* RECORDED INFORMATION *
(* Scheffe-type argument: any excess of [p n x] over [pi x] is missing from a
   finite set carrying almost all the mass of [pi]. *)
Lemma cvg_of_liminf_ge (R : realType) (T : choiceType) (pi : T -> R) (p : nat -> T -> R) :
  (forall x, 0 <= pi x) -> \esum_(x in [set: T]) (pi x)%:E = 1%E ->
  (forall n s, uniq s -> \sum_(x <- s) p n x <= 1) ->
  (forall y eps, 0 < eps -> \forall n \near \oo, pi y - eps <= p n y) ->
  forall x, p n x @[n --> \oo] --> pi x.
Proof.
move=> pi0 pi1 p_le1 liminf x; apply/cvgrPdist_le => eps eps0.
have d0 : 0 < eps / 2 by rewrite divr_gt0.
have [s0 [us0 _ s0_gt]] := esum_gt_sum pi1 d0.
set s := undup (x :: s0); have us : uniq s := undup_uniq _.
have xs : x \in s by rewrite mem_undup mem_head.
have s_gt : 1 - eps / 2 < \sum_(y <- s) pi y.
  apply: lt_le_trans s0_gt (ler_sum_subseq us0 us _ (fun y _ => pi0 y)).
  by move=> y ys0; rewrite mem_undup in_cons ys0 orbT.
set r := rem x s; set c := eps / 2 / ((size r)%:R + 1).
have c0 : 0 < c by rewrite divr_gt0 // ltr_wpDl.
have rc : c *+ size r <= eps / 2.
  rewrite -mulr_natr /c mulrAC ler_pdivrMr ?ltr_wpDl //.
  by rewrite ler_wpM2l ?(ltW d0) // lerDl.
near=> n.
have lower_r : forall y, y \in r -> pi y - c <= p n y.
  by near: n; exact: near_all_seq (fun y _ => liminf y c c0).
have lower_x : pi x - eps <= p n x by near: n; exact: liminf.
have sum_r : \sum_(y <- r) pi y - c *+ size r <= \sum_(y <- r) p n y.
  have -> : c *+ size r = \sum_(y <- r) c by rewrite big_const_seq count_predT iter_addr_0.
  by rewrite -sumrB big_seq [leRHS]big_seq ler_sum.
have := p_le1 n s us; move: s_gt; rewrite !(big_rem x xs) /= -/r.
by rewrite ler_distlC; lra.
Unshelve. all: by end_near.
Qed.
---
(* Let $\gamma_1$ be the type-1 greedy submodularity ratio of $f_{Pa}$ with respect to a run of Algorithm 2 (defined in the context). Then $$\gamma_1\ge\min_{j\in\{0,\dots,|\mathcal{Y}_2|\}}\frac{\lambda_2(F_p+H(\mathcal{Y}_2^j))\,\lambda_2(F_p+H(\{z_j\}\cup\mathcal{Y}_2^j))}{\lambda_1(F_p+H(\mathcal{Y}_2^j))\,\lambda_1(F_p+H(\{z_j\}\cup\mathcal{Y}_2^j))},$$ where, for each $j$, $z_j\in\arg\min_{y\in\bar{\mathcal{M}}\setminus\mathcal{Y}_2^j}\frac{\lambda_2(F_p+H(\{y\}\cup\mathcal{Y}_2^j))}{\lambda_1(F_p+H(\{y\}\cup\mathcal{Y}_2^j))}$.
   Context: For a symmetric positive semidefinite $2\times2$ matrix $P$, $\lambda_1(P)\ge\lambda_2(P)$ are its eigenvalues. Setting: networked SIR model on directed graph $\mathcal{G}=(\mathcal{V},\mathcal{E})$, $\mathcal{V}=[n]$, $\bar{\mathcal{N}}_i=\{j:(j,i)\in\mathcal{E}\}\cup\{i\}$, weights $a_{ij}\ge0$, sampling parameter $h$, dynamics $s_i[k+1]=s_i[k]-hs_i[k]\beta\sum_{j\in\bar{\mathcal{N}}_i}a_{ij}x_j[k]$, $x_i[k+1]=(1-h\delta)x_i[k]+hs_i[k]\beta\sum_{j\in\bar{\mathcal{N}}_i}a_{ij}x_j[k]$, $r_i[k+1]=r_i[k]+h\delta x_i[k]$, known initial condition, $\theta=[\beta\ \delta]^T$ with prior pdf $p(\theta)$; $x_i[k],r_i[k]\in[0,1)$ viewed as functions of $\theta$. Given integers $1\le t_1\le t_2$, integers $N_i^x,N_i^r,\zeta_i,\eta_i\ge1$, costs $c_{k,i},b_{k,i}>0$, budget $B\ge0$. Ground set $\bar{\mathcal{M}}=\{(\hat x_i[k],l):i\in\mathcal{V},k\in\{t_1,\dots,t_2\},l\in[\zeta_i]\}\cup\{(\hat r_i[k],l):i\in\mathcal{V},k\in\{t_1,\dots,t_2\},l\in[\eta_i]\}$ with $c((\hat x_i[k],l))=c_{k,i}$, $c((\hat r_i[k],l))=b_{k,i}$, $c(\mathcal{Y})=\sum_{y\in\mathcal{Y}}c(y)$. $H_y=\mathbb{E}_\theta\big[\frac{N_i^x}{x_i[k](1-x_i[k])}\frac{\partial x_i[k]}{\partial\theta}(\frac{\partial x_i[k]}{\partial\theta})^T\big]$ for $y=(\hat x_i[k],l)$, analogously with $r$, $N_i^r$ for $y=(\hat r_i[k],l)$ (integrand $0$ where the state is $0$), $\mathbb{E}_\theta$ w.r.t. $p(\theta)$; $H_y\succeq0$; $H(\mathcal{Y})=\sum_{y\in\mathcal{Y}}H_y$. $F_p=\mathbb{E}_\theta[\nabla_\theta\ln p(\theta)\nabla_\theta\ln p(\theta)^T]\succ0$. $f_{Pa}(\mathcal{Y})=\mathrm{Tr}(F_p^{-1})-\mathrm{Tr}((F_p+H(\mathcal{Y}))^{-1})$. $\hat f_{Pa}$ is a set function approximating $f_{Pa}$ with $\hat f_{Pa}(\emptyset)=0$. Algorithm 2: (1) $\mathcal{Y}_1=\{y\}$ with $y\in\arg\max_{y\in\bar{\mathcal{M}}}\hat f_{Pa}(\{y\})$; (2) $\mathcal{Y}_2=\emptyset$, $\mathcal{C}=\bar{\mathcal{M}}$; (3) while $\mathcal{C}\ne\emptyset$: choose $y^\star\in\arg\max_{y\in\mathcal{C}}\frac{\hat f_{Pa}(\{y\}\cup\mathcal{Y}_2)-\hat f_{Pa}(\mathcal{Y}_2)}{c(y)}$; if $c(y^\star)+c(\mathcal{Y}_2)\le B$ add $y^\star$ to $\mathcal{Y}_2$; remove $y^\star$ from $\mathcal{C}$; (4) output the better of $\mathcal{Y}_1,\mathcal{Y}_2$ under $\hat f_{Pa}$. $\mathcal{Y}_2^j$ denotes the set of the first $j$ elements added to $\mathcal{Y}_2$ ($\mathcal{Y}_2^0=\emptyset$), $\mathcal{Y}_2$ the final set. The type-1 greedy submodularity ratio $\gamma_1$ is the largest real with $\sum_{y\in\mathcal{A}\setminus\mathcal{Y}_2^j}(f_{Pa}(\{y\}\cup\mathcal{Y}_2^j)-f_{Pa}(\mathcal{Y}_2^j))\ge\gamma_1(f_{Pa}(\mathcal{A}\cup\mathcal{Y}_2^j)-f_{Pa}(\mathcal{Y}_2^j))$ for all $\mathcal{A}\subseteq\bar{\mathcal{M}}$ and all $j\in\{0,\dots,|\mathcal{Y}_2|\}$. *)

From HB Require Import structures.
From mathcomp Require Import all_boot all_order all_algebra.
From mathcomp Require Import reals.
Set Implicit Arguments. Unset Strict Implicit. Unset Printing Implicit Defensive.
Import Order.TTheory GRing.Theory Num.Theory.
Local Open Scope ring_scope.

* TASK OBJECTIVE *
In the data above, which lines lie between the line with "by move=> y" and the line with "rewrite -mulr_natr /c", inclusive? Print those lines exactly and nothing else.

* RESPONSE BELOW *
  by move=> y ys0; rewrite mem_undup in_cons ys0 orbT.
set r := rem x s; set c := eps / 2 / ((size r)%:R + 1).
have c0 : 0 < c by rewrite divr_gt0 // ltr_wpDl.
have rc : c *+ size r <= eps / 2.
  rewrite -mulr_natr /c mulrAC ler_pdivrMr ?ltr_wpDl //.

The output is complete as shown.